Question

Let f : \(\R^2 → \R\) be defined as follows :
\(f(x,y)=\begin{cases}    \frac{x^4y^3}{x^6+y^6} & \text{if }(x,y) \ne (0,0)\\     0  & \text{if } (x,y)=(0,0) \end{cases}\)
Then

• A. \(\lim\limits_{t \rightarrow 0}\frac{f(t,t)-f(0,0)}{t}\) exists and equals \(\frac{1}{2}\)
• B. \(\frac{∂f}{∂x}|_{(0,0)}\) exists and equals 0
• C. \(\frac{∂f}{∂y}|_{(0,0)}\) exists and equals 0
• D. \(\lim\limits_{t \rightarrow 0}\frac{f(t,2t)-f(0,0)}{t}\) exists and equals \(\frac{1}{3}\)

Answer 1

The Correct Option is A, B, C

To determine the behavior of the function \( f(x, y) \) at the origin and evaluate the limits and derivatives, we need to carefully analyze the given conditions. The function is defined as:

\(f(x,y)=\begin{cases} \frac{x^4y^3}{x^6+y^6} & \text{if }(x,y) \ne (0,0)\\ 0 & \text{if } (x,y)=(0,0) \end{cases}\)

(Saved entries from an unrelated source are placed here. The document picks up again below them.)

(* Let $E,F$ be Banach lattices, let $\mathcal{P}\subseteq \mathrm{L}(E,F)$ be a nonempty set of operators with $\mathcal{P}+\mathcal{P}\subseteq\mathcal{P}$ and $\mathcal{P}-\mathcal{P}\subseteq\mathcal{P}$, and let $T\in\mathrm{L}(E,F)$. (i) $T$ is an r-$\mathcal{P}$-operator if and only if $T\in\mathcal{P}$ and $T$ is $\mathcal{P}$-dominated. (ii) Assume the modulus $|T|$ of $T$ exists in $\mathrm{L}(E,F)$ and that $\mathcal{P}$ satisfies the domination property. Then $T$ is an r-$\mathcal{P}$-operator if and only if $|T|\in\mathcal{P}$.
   Context: All vector spaces are real; $\mathrm{L}(E,F)$ is the space of bounded linear operators, ordered by $S\le T$ iff $T-S$ is positive. Elements of $\mathcal{P}$ are called $\mathcal{P}$-operators. An operator $T:E\to F$ is an r-$\mathcal{P}$-operator if $T=T_1-T_2$ with $T_1,T_2$ positive operators belonging to $\mathcal{P}$. $\mathcal{P}$ satisfies the domination property if $0\le S\le T\in\mathcal{P}$ implies $S\in\mathcal{P}$. An operator $T\in\mathrm{L}(E,F)$ is $\mathcal{P}$-dominated if there is $U\in\mathcal{P}$ with $T\le U$ and $-T\le U$. *)

From HB Require Import structures.
From mathcomp Require Import all_boot all_order all_algebra.
From mathcomp Require Import all_classical all_reals all_analysis.
Set Implicit Arguments. Unset Strict Implicit. Unset Printing Implicit Defensive.
Import Order.TTheory GRing.Theory Num.Theory.
Import numFieldNormedType.Exports.
Local Open Scope ring_scope.
Local Open Scope classical_set_scope.

Definition is_sup (T : Type) (le : T -> T -> Prop) (x y s : T) : Prop :=
  le x s /\ le y s /\ (forall z, le x z -> le y z -> le s z).

(* A Banach lattice: a (real) Banach space E together with a partial order
   le making it a vector lattice, with a lattice norm
   (|x| <= |y| implies ||x|| <= ||y||, where |x| = x \/ -x). *)
Record banach_lattice (R : realType) (E : completeNormedModType R)
    (le : E -> E -> Prop) : Prop := BanachLattice {
  bl_refl : forall x, le x x;
  bl_antisym : forall x y, le x y -> le y x -> x = y;
  bl_trans : forall x y z, le x y -> le y z -> le x z;
  bl_add : forall x y z, le x y -> le (x + z) (y + z);
  bl_scale : forall (a : R) x y, 0 <= a -> le x y -> le (a *: x) (a *: y);
  bl_sup : forall x y, exists s, is_sup le x y s;
  bl_norm : forall x y ax ay, is_sup le x (- x) ax -> is_sup le y (- y) ay ->
              le ax ay -> `|x| <= `|y|
}.

Section Ops.
Variables (R : realType) (E F : completeNormedModType R).
Variables (leE : E -> E -> Prop) (leF : F -> F -> Prop).

Definition bounded_linear (T : E -> F) : Prop :=
  (forall (a : R) x y, T (a *: x + y) = a *: T x + T y) /\
  (exists M : R, forall x, `|T x| <= M * `|x|).

Definition positive_op (T : E -> F) : Prop :=
  forall x, leE 0 x -> leF 0 (T x).

Definition op_le (S T : E -> F) : Prop :=
  positive_op (fun x => T x - S x).

Definition r_P_operator (P : set (E -> F)) (T : E -> F) : Prop :=
  exists T1 T2, P T1 /\ P T2 /\ positive_op T1 /\ positive_op T2 /\
    T = (fun x => T1 x - T2 x).

Definition P_dominated (P : set (E -> F)) (T : E -> F) : Prop :=
  exists U, P U /\ op_le T U /\ op_le (fun x => - T x) U.

Definition domination_property (P : set (E -> F)) : Prop :=
  forall S T, bounded_linear S -> op_le (fun _ => 0) S -> op_le S T -> P T -> P S.

Definition is_modulus (T U : E -> F) : Prop :=
  bounded_linear U /\ op_le T U /\ op_le (fun x => - T x) U /\
  (forall V, bounded_linear V -> op_le T V -> op_le (fun x => - T x) V ->
     op_le U V).
End Ops.

From mathcomp Require Import all_boot all_order all_algebra.
From mathcomp Require Import all_classical all_reals all_analysis.
Import Order.TTheory GRing.Theory Num.Theory.
Local Open Scope ring_scope.
Local Open Scope classical_set_scope.
Set Implicit Arguments. Unset Strict Implicit.

(* (i): if U in P dominates T, then T = (U + T) - U is a difference of the
   positive P-operators U + T and U; conversely T1 - T2 is dominated by
   T1 + T2.  (ii): |T| lies below every operator dominating T, which gives
   |T| in P; conversely 0 <= |T| + T <= |T| + |T| puts |T| + T, and hence
   T = (|T| + T) - |T|, into P by the domination property. *)

Section PositiveCone.
Variables (R : realType) (F : completeNormedModType R) (leF : F -> F -> Prop).
Hypothesis hF : banach_lattice leF.

Lemma ge0D (a b : F) : leF 0 a -> leF 0 b -> leF 0 (a + b).
Proof.
move=> a_ge0 b_ge0; apply: (bl_trans hF b_ge0).
by have := bl_add hF b a_ge0; rewrite add0r addrC.
Qed.

Lemma ge0_mulr2n (a : F) : leF 0 (a *+ 2) -> leF 0 a.
Proof.
move=> a2_ge0; have half_ge0 : (0 : R) <= 2^-1 by rewrite invr_ge0.
have := bl_scale hF half_ge0 a2_ge0.
by rewrite scaler0 -scalerMnr scalerMnl -mulr_natr mulVf ?pnatr_eq0 // scale1r.
Qed.

End PositiveCone.

Section Operators.
Variables (R : realType) (E F : completeNormedModType R).
Variables (leE : E -> E -> Prop) (leF : F -> F -> Prop).
Hypothesis hF : banach_lattice leF.

Lemma eq_positive_op (S T : E -> F) :
  (forall x, S x = T x) -> positive_op leE leF S -> positive_op leE leF T.
Proof. by move=> eqST S_ge0 x x_ge0; rewrite -eqST; exact: S_ge0. Qed.

Lemma positive_opD (S T : E -> F) :
  positive_op leE leF S -> positive_op leE leF T ->
  positive_op leE leF (fun x => S x + T x).
Proof. by move=> S_ge0 T_ge0 x x_ge0; apply: ge0D; [|exact: S_ge0|exact: T_ge0]. Qed.

Lemma bounded_linearD (S T : E -> F) :
  bounded_linear S -> bounded_linear T -> bounded_linear (fun x => S x + T x).
Proof.
move=> [linS [MS boundS]] [linT [MT boundT]]; split.
  by move=> a x y; rewrite linS linT scalerDr addrACA.
exists (MS + MT) => x; rewrite mulrDl.
by apply: le_trans (ler_normD _ _) _; apply: lerD.
Qed.

(* (U - T) + (U + T) = U *+ 2. *)
Lemma dominating_positive (T U : E -> F) :
  op_le leE leF T U -> op_le leE leF (fun x => - T x) U ->
  positive_op leE leF U.
Proof.
move=> T_le_U NT_le_U x x_ge0; apply: (ge0_mulr2n hF).
have := ge0D hF (T_le_U x x_ge0) (NT_le_U x x_ge0).
by rewrite opprK addrACA addNr addr0 -mulr2n.
Qed.

Lemma dominates_difference (S1 S2 : E -> F) :
  positive_op leE leF S1 -> positive_op leE leF S2 ->
  op_le leE leF (fun x => S1 x - S2 x) (fun x => S1 x + S2 x) /\
  op_le leE leF (fun x => - (S1 x - S2 x)) (fun x => S1 x + S2 x).
Proof.
move=> S1_ge0 S2_ge0; split.
  apply: eq_positive_op (positive_opD S2_ge0 S2_ge0) => x.
  by rewrite opprB [RHS]addrC addrA subrK.
apply: eq_positive_op (positive_opD S1_ge0 S1_ge0) => x.
by rewrite opprK addrACA subrr addr0.
Qed.

Section OperatorClass.
Variable P : set (E -> F).
Hypothesis hPadd : forall S T, P S -> P T -> P (fun x => S x + T x).
Hypothesis hPsub : forall S T, P S -> P T -> P (fun x => S x - T x).

Lemma r_P_operatorP (T : E -> F) :
  r_P_operator leE leF P T <-> P T /\ P_dominated leE leF P T.
Proof.
split.
  move=> [S1 [S2 [PS1 [PS2 [S1_ge0 [S2_ge0 ->]]]]]]; split; first exact: hPsub.
  exists (fun x => S1 x + S2 x); split; first exact: hPadd.
  exact: dominates_difference.
move=> [PT [U [PU [T_le_U NT_le_U]]]].
exists (fun x => U x + T x), U.
split; first exact: hPadd.
split; first exact: PU.
split; first by apply: eq_positive_op NT_le_U => x; rewrite opprK.
split; first exact: dominating_positive NT_le_U.
by apply: funext => x; rewrite addrAC subrr add0r.
Qed.

Section Modulus.
Hypothesis hPL : forall S, P S -> bounded_linear S.
Hypothesis hPdom : domination_property leE leF P.
Variables (T U : E -> F).
Hypothesis hU : is_modulus leE leF T U.

Lemma modulus_positive : positive_op leE leF U.
Proof. by case: hU => _ [T_le_U [NT_le_U _]]; exact: dominating_positive NT_le_U. Qed.

Lemma P_dominated_modulus : P_dominated leE leF P T -> P U.
Proof.
case: hU => linU [_ [_ U_least]] [V [PV [T_le_V NT_le_V]]].
have U_ge0 : op_le leE leF (fun=> 0) U.
  by apply: eq_positive_op modulus_positive => x; rewrite subr0.
exact: hPdom U V linU U_ge0 (U_least V (hPL PV) T_le_V NT_le_V) PV.
Qed.

Lemma modulus_P_operator : bounded_linear T -> P U -> P T.
Proof.
case: hU => linU [T_le_U [NT_le_U _]] linT PU.
have PUT : P (fun x => U x + T x).
  have UT_ge0 : op_le leE leF (fun=> 0) (fun x => U x + T x).
    by apply: eq_positive_op NT_le_U => x; rewrite opprK subr0.
  have UT_le_UU : op_le leE leF (fun x => U x + T x) (fun x => U x + U x).
    by apply: eq_positive_op T_le_U => x; rewrite opprD addrACA subrr add0r.
  exact: hPdom _ _ (bounded_linearD linU linT) UT_ge0 UT_le_UU (hPadd PU PU).
have -> : T = (fun x => U x + T x - U x).
  by apply: funext => x; rewrite addrAC subrr add0r.
exact: hPsub.
Qed.

End Modulus.
End OperatorClass.
End Operators.

Theorem proposition3p4 (R : realType) (E F : completeNormedModType R)
  (leE : E -> E -> Prop) (leF : F -> F -> Prop)
  (hE : banach_lattice leE) (hF : banach_lattice leF)
  (P : set (E -> F))
  (hPL : forall S, P S -> bounded_linear S)
  (hP0 : P !=set0)
  (hPadd : forall S T, P S -> P T -> P (fun x => S x + T x))
  (hPsub : forall S T, P S -> P T -> P (fun x => S x - T x))
  (T : E -> F) (hT : bounded_linear T) :
  (r_P_operator leE leF P T <-> (P T /\ P_dominated leE leF P T)) /\
  (forall U, is_modulus leE leF T U -> domination_property leE leF P ->
     (r_P_operator leE leF P T <-> P U)).
Proof.
have rPP := r_P_operatorP leE hF hPadd hPsub T.
split=> [|U hU hPdom]; first exact: rPP.
rewrite rPP; split=> [[_ T_dom] | PU].
  exact (P_dominated_modulus hF hPL hPdom hU T_dom).
split; first exact (modulus_P_operator hPadd hPsub hPdom hU hT PU).
case: hU => _ [T_le_U [NT_le_U _]].
exists U; exact (conj PU (conj T_le_U NT_le_U)).
Qed.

1. We first verify \(\lim\limits_{t \rightarrow 0}\frac{f(t,t)-f(0,0)}{t}\):

   Plug in \( x = t \) and \( y = t \), then:

   \( f(t, t) = \frac{t^4 \cdot t^3}{t^6 + t^6} = \frac{t^7}{2t^6} = \frac{t}{2} \)

   Thus, \(\frac{f(t,t)-f(0,0)}{t} = \frac{\frac{t}{2} - 0}{t} = \frac{1}{2}\).

   Taking the limit as \( t \rightarrow 0 \), we find:

   \(\lim\limits_{t \rightarrow 0}\frac{f(t,t)-f(0,0)}{t} = \frac{1}{2}\).

2. Derivatives at \((0,0)\):
   • Partial derivative of \(f\) with respect to \(x\) at \((0,0)\):

     The partial derivative is defined as:

     \( \frac{∂f}{∂x}|_{(0,0)} = \lim_{h \to 0} \frac{f(h,0) - f(0,0)}{h} \)

     When \( y = 0 \), \( f(h,0) = 0 \), so:

     \( \frac{∂f}{∂x}|_{(0,0)} = \lim_{h \to 0} \frac{0 - 0}{h} = 0 \)

   • Partial derivative of \(f\) with respect to \(y\) at \((0,0)\):

     The partial derivative is defined as:

     \( \frac{∂f}{∂y}|_{(0,0)} = \lim_{k \to 0} \frac{f(0,k) - f(0,0)}{k} \)

     When \( x = 0 \), \( f(0,k) = 0 \), so:

     \( \frac{∂f}{∂y}|_{(0,0)} = \lim_{k \to 0} \frac{0 - 0}{k} = 0 \)

3. Finally, verify \(\lim\limits_{t \rightarrow 0}\frac{f(t,2t)-f(0,0)}{t}\):

   Set \(x = t\) and \(y = 2t\), then:

   \( f(t, 2t) = \frac{t^4 \cdot (2t)^3}{t^6 + (2t)^6} = \frac{8t^7}{t^6 + 64t^6} = \frac{8t}{65} \)

   Then, \(\frac{f(t,2t)-f(0,0)}{t} = \frac{\frac{8t}{65} - 0}{t} = \frac{8}{65}\).

From the above analysis, the correct options are:

• \(\lim\limits_{t \rightarrow 0}\frac{f(t,t)-f(0,0)}{t}\) exists and equals \(\frac{1}{2}\)
• \(\frac{∂f}{∂x}|_{(0,0)}\) exists and equals 0
• \(\frac{∂f}{∂y}|_{(0,0)}\) exists and equals 0